TASK REQUIREMENTS
The material must be copied out exactly, line for line.

STORED DATA

········

Lemma op_norm_sq_bound (T : V -> V) c f :
  is_op_norm ip T c -> ip f f <= 1 -> ip (T f) (T f) <= c ^+ 2.
Proof.
move=> Tc f1; have c0 := op_norm_ge0 Tc; case: Tc => bound _.
have /bound : ipnorm ip f <= 1 by rewrite /ipnorm -sqrtr1 ler_wsqrtr.
rewrite /ipnorm => Tf_le_c.
by rewrite -(sqr_sqrtr (ip_ge0 (T f))) lerXn2r // ?nnegrE ?sqrtr_ge0.
Qed.

End InnerProduct.

Section Spectral.
Variables (R : rcfType) (n : nat) (A E : 'M[R]_n) (lam : nat -> R).
Hypothesis HE : sorted_eigendecomp A lam E.

Let D := diag_mx (\row_(i < n) lam i).

Lemma spectral_factorization : A = E *m D *m E^T.
Proof.
case: HE => EtE AE _.
by rewrite /D -AE -mulmxA (mulmx1C EtE) mulmx1.
Qed.

Lemma eigen_column (a k : 'I_n) : \sum_l A a l * E l k = lam k * E a k.
Proof.
case: HE => _ AE _.
have := congr1 (fun M : 'M[R]_n => M a k) AE.
by rewrite mul_mx_diag !mxE mulrC => <-.
Qed.

Lemma quad_form_le_top_eig (a : 'I_n -> R) :
  \sum_i \sum_j a i * a j * A i j <= lam 0%N * \sum_i a i ^+ 2.
Proof.
case: HE => EtE _ sorted.
pose av := \col_i a i; pose b := E^T *m av.
have quad : \sum_i \sum_j a i * a j * A i j = (av^T *m A *m av) 0 0.
  rewrite mxE exchange_big; apply: eq_bigr => j _.
  rewrite !mxE mulr_suml; apply: eq_bigr => i _; rewrite !mxE; ring.
have diag_form : av^T *m A *m av = b^T *m D *m b.
  by rewrite spectral_factorization /b trmx_mul trmxK !mulmxA.
have norm : \sum_i a i ^+ 2 = (b^T *m b) 0 0.
  rewrite /b trmx_mul trmxK mulmxA -(mulmxA _ E) (mulmx1C EtE) mulmx1 mxE.
  by apply: eq_bigr => i _; rewrite !mxE expr2.
rewrite quad diag_form norm mul_mx_diag !mxE mulr_sumr; apply: ler_sum => k _.
rewrite !mxE -mulrA mulrCA; apply: ler_wpM2r; first by rewrite -expr2 sqr_ge0.
by apply: sorted; rewrite leq0n ltn_ord.
Qed.

Lemma trace_eq_sum_eig : \tr A = \sum_(k < n) lam k.
Proof.
case: HE => EtE _ _.
rewrite spectral_factorization mxtrace_mulC mulmxA EtE mul1mx mxtrace_diag.
by apply: eq_bigr => k _; rewrite mxE.
Qed.

Lemma top_eig_le_dim : (0 < n)%N ->
  (forall k : 'I_n, 0 <= lam k) -> (forall i, A i i <= 1) -> lam 0%N <= n%:R.
Proof.
move=> n_gt0 lam_ge0 diag_le1.
have tr_le : \tr A <= n%:R.
  by rewrite /mxtrace -[n in n%:R]card_ord -sumr_const; apply: ler_sum.
apply: le_trans tr_le; rewrite trace_eq_sum_eig (bigD1 (Ordinal n_gt0)) //=.
by rewrite lerDl sumr_ge0.
Qed.

Lemma leading_eig_gt0 r : (r <= n)%N -> 0 < lam r.-1 ->
  forall k : 'I_n, (k < r)%N -> 0 < lam k.
Proof.
case: HE => _ _ sorted r_le lam_r k k_lt_r; apply: lt_le_trans lam_r _.
by apply: sorted; rewrite -ltnS prednK ?(leq_ltn_trans _ k_lt_r) // k_lt_r.
Qed.

End Spectral.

········

SOLUTION TO THE PROBLEM
Lemma op_norm_sq_bound (T : V -> V) c f :
  is_op_norm ip T c -> ip f f <= 1 -> ip (T f) (T f) <= c ^+ 2.
Proof.
move=> Tc f1; have c0 := op_norm_ge0 Tc; case: Tc => bound _.
have /bound : ipnorm ip f <= 1 by rewrite /ipnorm -sqrtr1 ler_wsqrtr.
rewrite /ipnorm => Tf_le_c.
by rewrite -(sqr_sqrtr (ip_ge0 (T f))) lerXn2r // ?nnegrE ?sqrtr_ge0.
Qed.

End InnerProduct.

Section Spectral.
Variables (R : rcfType) (n : nat) (A E : 'M[R]_n) (lam : nat -> R).
Hypothesis HE : sorted_eigendecomp A lam E.

Let D := diag_mx (\row_(i < n) lam i).

Lemma spectral_factorization : A = E *m D *m E^T.
Proof.
case: HE => EtE AE _.
by rewrite /D -AE -mulmxA (mulmx1C EtE) mulmx1.
Qed.

Lemma eigen_column (a k : 'I_n) : \sum_l A a l * E l k = lam k * E a k.
Proof.
case: HE => _ AE _.
have := congr1 (fun M : 'M[R]_n => M a k) AE.
by rewrite mul_mx_diag !mxE mulrC => <-.
Qed.

Lemma quad_form_le_top_eig (a : 'I_n -> R) :
  \sum_i \sum_j a i * a j * A i j <= lam 0%N * \sum_i a i ^+ 2.
Proof.
case: HE => EtE _ sorted.
pose av := \col_i a i; pose b := E^T *m av.
have quad : \sum_i \sum_j a i * a j * A i j = (av^T *m A *m av) 0 0.
  rewrite mxE exchange_big; apply: eq_bigr => j _.
  rewrite !mxE mulr_suml; apply: eq_bigr => i _; rewrite !mxE; ring.
have diag_form : av^T *m A *m av = b^T *m D *m b.
  by rewrite spectral_factorization /b trmx_mul trmxK !mulmxA.
have norm : \sum_i a i ^+ 2 = (b^T *m b) 0 0.
  rewrite /b trmx_mul trmxK mulmxA -(mulmxA _ E) (mulmx1C EtE) mulmx1 mxE.
  by apply: eq_bigr => i _; rewrite !mxE expr2.
rewrite quad diag_form norm mul_mx_diag !mxE mulr_sumr; apply: ler_sum => k _.
rewrite !mxE -mulrA mulrCA; apply: ler_wpM2r; first by rewrite -expr2 sqr_ge0.
by apply: sorted; rewrite leq0n ltn_ord.
Qed.

Lemma trace_eq_sum_eig : \tr A = \sum_(k < n) lam k.
Proof.
case: HE => EtE _ _.
rewrite spectral_factorization mxtrace_mulC mulmxA EtE mul1mx mxtrace_diag.
by apply: eq_bigr => k _; rewrite mxE.
Qed.

Lemma top_eig_le_dim : (0 < n)%N ->
  (forall k : 'I_n, 0 <= lam k) -> (forall i, A i i <= 1) -> lam 0%N <= n%:R.
Proof.
move=> n_gt0 lam_ge0 diag_le1.
have tr_le : \tr A <= n%:R.
  by rewrite /mxtrace -[n in n%:R]card_ord -sumr_const; apply: ler_sum.
apply: le_trans tr_le; rewrite trace_eq_sum_eig (bigD1 (Ordinal n_gt0)) //=.
by rewrite lerDl sumr_ge0.
Qed.

Lemma leading_eig_gt0 r : (r <= n)%N -> 0 < lam r.-1 ->
  forall k : 'I_n, (k < r)%N -> 0 < lam k.
Proof.
case: HE => _ _ sorted r_le lam_r k k_lt_r; apply: lt_le_trans lam_r _.
by apply: sorted; rewrite -ltnS prednK ?(leq_ltn_trans _ k_lt_r) // k_lt_r.
Qed.

End Spectral.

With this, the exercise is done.